<<<<
(* Let $\Lambda$ be an Artin algebra and $0\to A\xrightarrow{g}B\xrightarrow{f}C\to0$ a non-split exact sequence in $\mathrm{mod}\,\Lambda$ with $B$ projective and injective. Then the following are equivalent: (1) $A$ is indecomposable and $g$ is left minimal; (2) $C$ is indecomposable and $f$ is right minimal.
   Context: $\mathrm{mod}\,\Lambda$ is the category of finitely generated left $\Lambda$-modules. A morphism $g:A\to B$ is left minimal if every endomorphism $h:B\to B$ with $hg=g$ is an automorphism; dually, $f:B\to C$ is right minimal if every endomorphism $h:B\to B$ with $fh=f$ is an automorphism. *)

From HB Require Import structures.
From mathcomp Require Import all_boot all_order all_algebra.
Set Implicit Arguments. Unset Strict Implicit. Unset Printing Implicit Defensive.
Import GRing.Theory.
Local Open Scope ring_scope.

Definition is_ideal (R : comPzRingType) (I : R -> Prop) : Prop :=
  I 0 /\ (forall x y, I x -> I y -> I (x + y)) /\ (forall a x, I x -> I (a * x)).

Definition artinian_ring (R : comPzRingType) : Prop :=
  forall I : nat -> (R -> Prop),
    (forall n, is_ideal (I n)) ->
    (forall n x, I n.+1 x -> I n x) ->
    exists N, forall n, (N <= n)%N -> forall x, I n x <-> I N x.

Definition artin_algebra (L : pzRingType) : Prop :=
  exists (R : comPzRingType) (phi : {rmorphism R -> L}),
    artinian_ring R /\
    (forall r x, phi r * x = x * phi r) /\
    exists n (s : 'I_n -> L), forall x : L,
      exists c : 'I_n -> R, x = \sum_(i < n) phi (c i) * s i.

Definition fin_gen (L : pzRingType) (M : lmodType L) : Prop :=
  exists n (s : 'I_n -> M), forall x : M,
    exists c : 'I_n -> L, x = \sum_(i < n) c i *: s i.

Definition projective_mod (L : pzRingType) (P : lmodType L) : Prop :=
  forall (M N : lmodType L), fin_gen M -> fin_gen N ->
  forall (p : {linear M -> N}) (h : {linear P -> N}),
    (forall y, exists x, p x = y) -> exists h' : {linear P -> M}, forall x, p (h' x) = h x.

Definition injective_mod (L : pzRingType) (I : lmodType L) : Prop :=
  forall (M N : lmodType L), fin_gen M -> fin_gen N ->
  forall (i : {linear M -> N}) (h : {linear M -> I}),
    injective i -> exists h' : {linear N -> I}, forall x, h' (i x) = h x.

Definition submodule (L : pzRingType) (M : lmodType L) (U : M -> Prop) : Prop :=
  U 0 /\ forall (a : L) x y, U x -> U y -> U (a *: x + y).

Definition indecomposable (L : pzRingType) (M : lmodType L) : Prop :=
  (exists x : M, x != 0) /\
  forall U V : M -> Prop, submodule U -> submodule V ->
    (forall x, U x -> V x -> x = 0) ->
    (forall x, exists u v, U u /\ V v /\ x = u + v) ->
    (forall x, U x -> x = 0) \/ (forall x, V x -> x = 0).

Definition left_minimal (L : pzRingType) (A B : lmodType L) (g : {linear A -> B}) : Prop :=
  forall h : {linear B -> B}, (forall x, h (g x) = g x) -> bijective h.
(* Let $n\geq 3$ and let $\mathcal{T}'\subseteq\mathcal{T}_n$ be such that for every $T\in\mathcal{T}_n$ there exists $T'\in\mathcal{T}'$ with $T\rhd T'$. Then $\chi(\mathrm{KG}(\mathcal{T}'))=n-2$.
   Context: Label the vertices of a convex $n$-gon by $1,\dots,n$ in cyclic order; $\mathrm{Diag}_n = \{\{i,j\} \subseteq [n]: i-j\not\equiv \pm1 \pmod n\}$; two diagonals cross if they meet in the interior of the polygon (their four endpoints are distinct and interleave cyclically). A triangulation is identified with its set of diagonals, and $\mathcal{T}_n$ is the set of triangulations. For a set system $\mathcal{F}$, $\mathrm{KG}(\mathcal{F})$ is the graph on $\mathcal{F}$ with $F,F'$ adjacent iff $F\cap F'=\emptyset$. Swapping relation: for $\{i,j\},\{i',j'\}\in\mathrm{Diag}_n$ written with $i<j$ and $i'<j'$, write $\{i,j\}\rhd\{i',j'\}$ if either $\{i,j\}$ and $\{i',j'\}$ do not cross (in particular $d\rhd d$ for every $d$), or $i'<i<j'<j<n$ and $j'-i>1$. For $T,T'\in\mathcal{T}_n$, write $T\rhd T'$ if $d\rhd d'$ for all $d\in T$ and $d'\in T'$. *)

From mathcomp Require Import all_boot.
Set Implicit Arguments. Unset Strict Implicit. Unset Printing Implicit Defensive.

(* Vertices of the convex n-gon are labelled 1..n; we use the finite type
   'I_n.+1 (label 0 is never used by a diagonal).  A diagonal {i,j} is
   represented by the ordered pair (i, j) with 1 <= i < j <= n. *)
Definition vtx (n : nat) := 'I_n.+1.
Definition diagT (n : nat) := (vtx n * vtx n)%type.

(* {i,j} with i<j is a diagonal iff i - j is not = +-1 mod n,
   i.e. j - i >= 2 and (i,j) <> (1,n). *)
Definition is_diag (n : nat) (d : diagT n) : bool :=
  let i := nat_of_ord d.1 in let j := nat_of_ord d.2 in
  [&& 1 <= i, i < j, j <= n, 1 < j - i & ~~ ((i == 1) && (j == n))].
>>>>
● WHAT IS EXPECTED
Every entry should be retyped exactly as it appears.

● WRITTEN ANSWER
(* Let $\Lambda$ be an Artin algebra and $0\to A\xrightarrow{g}B\xrightarrow{f}C\to0$ a non-split exact sequence in $\mathrm{mod}\,\Lambda$ with $B$ projective and injective. Then the following are equivalent: (1) $A$ is indecomposable and $g$ is left minimal; (2) $C$ is indecomposable and $f$ is right minimal.
   Context: $\mathrm{mod}\,\Lambda$ is the category of finitely generated left $\Lambda$-modules. A morphism $g:A\to B$ is left minimal if every endomorphism $h:B\to B$ with $hg=g$ is an automorphism; dually, $f:B\to C$ is right minimal if every endomorphism $h:B\to B$ with $fh=f$ is an automorphism. *)

From HB Require Import structures.
From mathcomp Require Import all_boot all_order all_algebra.
Set Implicit Arguments. Unset Strict Implicit. Unset Printing Implicit Defensive.
Import GRing.Theory.
Local Open Scope ring_scope.

Definition is_ideal (R : comPzRingType) (I : R -> Prop) : Prop :=
  I 0 /\ (forall x y, I x -> I y -> I (x + y)) /\ (forall a x, I x -> I (a * x)).

Definition artinian_ring (R : comPzRingType) : Prop :=
  forall I : nat -> (R -> Prop),
    (forall n, is_ideal (I n)) ->
    (forall n x, I n.+1 x -> I n x) ->
    exists N, forall n, (N <= n)%N -> forall x, I n x <-> I N x.

Definition artin_algebra (L : pzRingType) : Prop :=
  exists (R : comPzRingType) (phi : {rmorphism R -> L}),
    artinian_ring R /\
    (forall r x, phi r * x = x * phi r) /\
    exists n (s : 'I_n -> L), forall x : L,
      exists c : 'I_n -> R, x = \sum_(i < n) phi (c i) * s i.

Definition fin_gen (L : pzRingType) (M : lmodType L) : Prop :=
  exists n (s : 'I_n -> M), forall x : M,
    exists c : 'I_n -> L, x = \sum_(i < n) c i *: s i.

Definition projective_mod (L : pzRingType) (P : lmodType L) : Prop :=
  forall (M N : lmodType L), fin_gen M -> fin_gen N ->
  forall (p : {linear M -> N}) (h : {linear P -> N}),
    (forall y, exists x, p x = y) -> exists h' : {linear P -> M}, forall x, p (h' x) = h x.

Definition injective_mod (L : pzRingType) (I : lmodType L) : Prop :=
  forall (M N : lmodType L), fin_gen M -> fin_gen N ->
  forall (i : {linear M -> N}) (h : {linear M -> I}),
    injective i -> exists h' : {linear N -> I}, forall x, h' (i x) = h x.

Definition submodule (L : pzRingType) (M : lmodType L) (U : M -> Prop) : Prop :=
  U 0 /\ forall (a : L) x y, U x -> U y -> U (a *: x + y).

Definition indecomposable (L : pzRingType) (M : lmodType L) : Prop :=
  (exists x : M, x != 0) /\
  forall U V : M -> Prop, submodule U -> submodule V ->
    (forall x, U x -> V x -> x = 0) ->
    (forall x, exists u v, U u /\ V v /\ x = u + v) ->
    (forall x, U x -> x = 0) \/ (forall x, V x -> x = 0).

Definition left_minimal (L : pzRingType) (A B : lmodType L) (g : {linear A -> B}) : Prop :=
  forall h : {linear B -> B}, (forall x, h (g x) = g x) -> bijective h.
(* Let $n\geq 3$ and let $\mathcal{T}'\subseteq\mathcal{T}_n$ be such that for every $T\in\mathcal{T}_n$ there exists $T'\in\mathcal{T}'$ with $T\rhd T'$. Then $\chi(\mathrm{KG}(\mathcal{T}'))=n-2$.
   Context: Label the vertices of a convex $n$-gon by $1,\dots,n$ in cyclic order; $\mathrm{Diag}_n = \{\{i,j\} \subseteq [n]: i-j\not\equiv \pm1 \pmod n\}$; two diagonals cross if they meet in the interior of the polygon (their four endpoints are distinct and interleave cyclically). A triangulation is identified with its set of diagonals, and $\mathcal{T}_n$ is the set of triangulations. For a set system $\mathcal{F}$, $\mathrm{KG}(\mathcal{F})$ is the graph on $\mathcal{F}$ with $F,F'$ adjacent iff $F\cap F'=\emptyset$. Swapping relation: for $\{i,j\},\{i',j'\}\in\mathrm{Diag}_n$ written with $i<j$ and $i'<j'$, write $\{i,j\}\rhd\{i',j'\}$ if either $\{i,j\}$ and $\{i',j'\}$ do not cross (in particular $d\rhd d$ for every $d$), or $i'<i<j'<j<n$ and $j'-i>1$. For $T,T'\in\mathcal{T}_n$, write $T\rhd T'$ if $d\rhd d'$ for all $d\in T$ and $d'\in T'$. *)

From mathcomp Require Import all_boot.
Set Implicit Arguments. Unset Strict Implicit. Unset Printing Implicit Defensive.

(* Vertices of the convex n-gon are labelled 1..n; we use the finite type
   'I_n.+1 (label 0 is never used by a diagonal).  A diagonal {i,j} is
   represented by the ordered pair (i, j) with 1 <= i < j <= n. *)
Definition vtx (n : nat) := 'I_n.+1.
Definition diagT (n : nat) := (vtx n * vtx n)%type.

(* {i,j} with i<j is a diagonal iff i - j is not = +-1 mod n,
   i.e. j - i >= 2 and (i,j) <> (1,n). *)
Definition is_diag (n : nat) (d : diagT n) : bool :=
  let i := nat_of_ord d.1 in let j := nat_of_ord d.2 in
  [&& 1 <= i, i < j, j <= n, 1 < j - i & ~~ ((i == 1) && (j == n))].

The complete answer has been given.